Brief: Give back the line that contains "have -> : (3" and every following line, exactly as they appear, through the end of the data.

BEGIN Input for this task

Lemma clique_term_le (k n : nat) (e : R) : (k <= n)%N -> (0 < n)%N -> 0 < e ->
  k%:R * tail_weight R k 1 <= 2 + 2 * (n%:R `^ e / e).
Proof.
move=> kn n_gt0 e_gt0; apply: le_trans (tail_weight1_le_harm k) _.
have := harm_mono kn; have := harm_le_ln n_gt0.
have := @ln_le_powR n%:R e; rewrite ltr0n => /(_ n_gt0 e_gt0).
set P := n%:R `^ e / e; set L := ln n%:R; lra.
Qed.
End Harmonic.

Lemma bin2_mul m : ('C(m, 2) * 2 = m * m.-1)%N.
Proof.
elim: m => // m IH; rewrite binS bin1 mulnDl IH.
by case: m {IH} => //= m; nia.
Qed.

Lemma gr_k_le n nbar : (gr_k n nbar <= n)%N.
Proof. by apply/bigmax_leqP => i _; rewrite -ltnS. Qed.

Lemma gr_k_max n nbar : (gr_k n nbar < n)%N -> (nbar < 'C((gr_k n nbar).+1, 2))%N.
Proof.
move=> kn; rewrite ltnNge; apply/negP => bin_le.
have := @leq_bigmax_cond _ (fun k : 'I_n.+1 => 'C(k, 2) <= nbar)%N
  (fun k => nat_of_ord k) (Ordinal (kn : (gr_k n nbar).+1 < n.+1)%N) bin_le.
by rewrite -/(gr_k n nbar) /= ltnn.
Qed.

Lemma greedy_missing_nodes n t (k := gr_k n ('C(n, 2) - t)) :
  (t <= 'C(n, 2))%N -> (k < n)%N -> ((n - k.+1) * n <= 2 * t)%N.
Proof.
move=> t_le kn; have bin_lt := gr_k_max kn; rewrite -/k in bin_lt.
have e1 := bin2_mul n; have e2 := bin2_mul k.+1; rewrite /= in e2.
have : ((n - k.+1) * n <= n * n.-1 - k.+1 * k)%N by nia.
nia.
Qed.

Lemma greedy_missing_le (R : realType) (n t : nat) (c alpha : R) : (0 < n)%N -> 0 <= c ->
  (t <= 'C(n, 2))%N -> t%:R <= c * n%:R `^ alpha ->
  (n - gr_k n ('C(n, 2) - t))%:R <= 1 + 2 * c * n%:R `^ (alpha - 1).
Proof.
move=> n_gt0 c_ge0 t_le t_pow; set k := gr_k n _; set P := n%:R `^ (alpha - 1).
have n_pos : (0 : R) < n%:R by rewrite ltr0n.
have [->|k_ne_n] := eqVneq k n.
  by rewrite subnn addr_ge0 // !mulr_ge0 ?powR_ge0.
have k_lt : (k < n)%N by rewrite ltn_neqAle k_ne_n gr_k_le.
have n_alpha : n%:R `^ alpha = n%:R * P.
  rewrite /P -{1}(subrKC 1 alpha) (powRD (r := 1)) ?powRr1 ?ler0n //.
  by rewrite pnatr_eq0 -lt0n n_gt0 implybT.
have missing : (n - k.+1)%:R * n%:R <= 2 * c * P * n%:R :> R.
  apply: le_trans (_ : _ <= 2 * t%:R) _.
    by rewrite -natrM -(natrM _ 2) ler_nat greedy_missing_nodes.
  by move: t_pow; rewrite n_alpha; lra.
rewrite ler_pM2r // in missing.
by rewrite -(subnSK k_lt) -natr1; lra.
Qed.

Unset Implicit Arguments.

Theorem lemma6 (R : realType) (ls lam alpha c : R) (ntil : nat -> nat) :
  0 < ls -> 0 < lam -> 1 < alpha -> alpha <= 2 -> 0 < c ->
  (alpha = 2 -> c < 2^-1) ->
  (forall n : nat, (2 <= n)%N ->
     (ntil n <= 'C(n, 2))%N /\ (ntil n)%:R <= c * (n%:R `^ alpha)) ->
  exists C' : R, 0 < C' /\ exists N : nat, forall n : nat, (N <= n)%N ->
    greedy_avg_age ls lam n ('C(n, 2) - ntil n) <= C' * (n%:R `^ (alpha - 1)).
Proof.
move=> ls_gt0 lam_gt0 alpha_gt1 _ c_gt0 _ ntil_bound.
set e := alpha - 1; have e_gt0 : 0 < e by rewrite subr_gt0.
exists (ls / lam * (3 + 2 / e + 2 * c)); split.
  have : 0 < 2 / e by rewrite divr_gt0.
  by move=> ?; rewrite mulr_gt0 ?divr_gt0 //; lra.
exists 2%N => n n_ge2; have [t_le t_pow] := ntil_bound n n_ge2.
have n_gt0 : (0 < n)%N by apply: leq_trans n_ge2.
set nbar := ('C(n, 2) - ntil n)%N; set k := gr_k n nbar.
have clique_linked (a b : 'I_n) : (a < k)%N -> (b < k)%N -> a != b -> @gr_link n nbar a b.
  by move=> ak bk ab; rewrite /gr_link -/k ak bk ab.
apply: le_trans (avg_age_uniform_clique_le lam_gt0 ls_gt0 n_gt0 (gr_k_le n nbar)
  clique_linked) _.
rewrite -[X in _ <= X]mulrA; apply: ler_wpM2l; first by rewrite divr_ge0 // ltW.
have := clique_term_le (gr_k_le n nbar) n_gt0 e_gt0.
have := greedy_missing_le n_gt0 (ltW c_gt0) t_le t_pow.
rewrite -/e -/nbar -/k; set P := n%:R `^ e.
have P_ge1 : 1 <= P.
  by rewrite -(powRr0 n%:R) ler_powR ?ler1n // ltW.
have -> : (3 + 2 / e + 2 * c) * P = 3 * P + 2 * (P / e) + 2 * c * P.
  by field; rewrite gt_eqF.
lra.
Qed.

END Input for this task

Answer space:
have -> : (3 + 2 / e + 2 * c) * P = 3 * P + 2 * (P / e) + 2 * c * P.
  by field; rewrite gt_eqF.
lra.
Qed.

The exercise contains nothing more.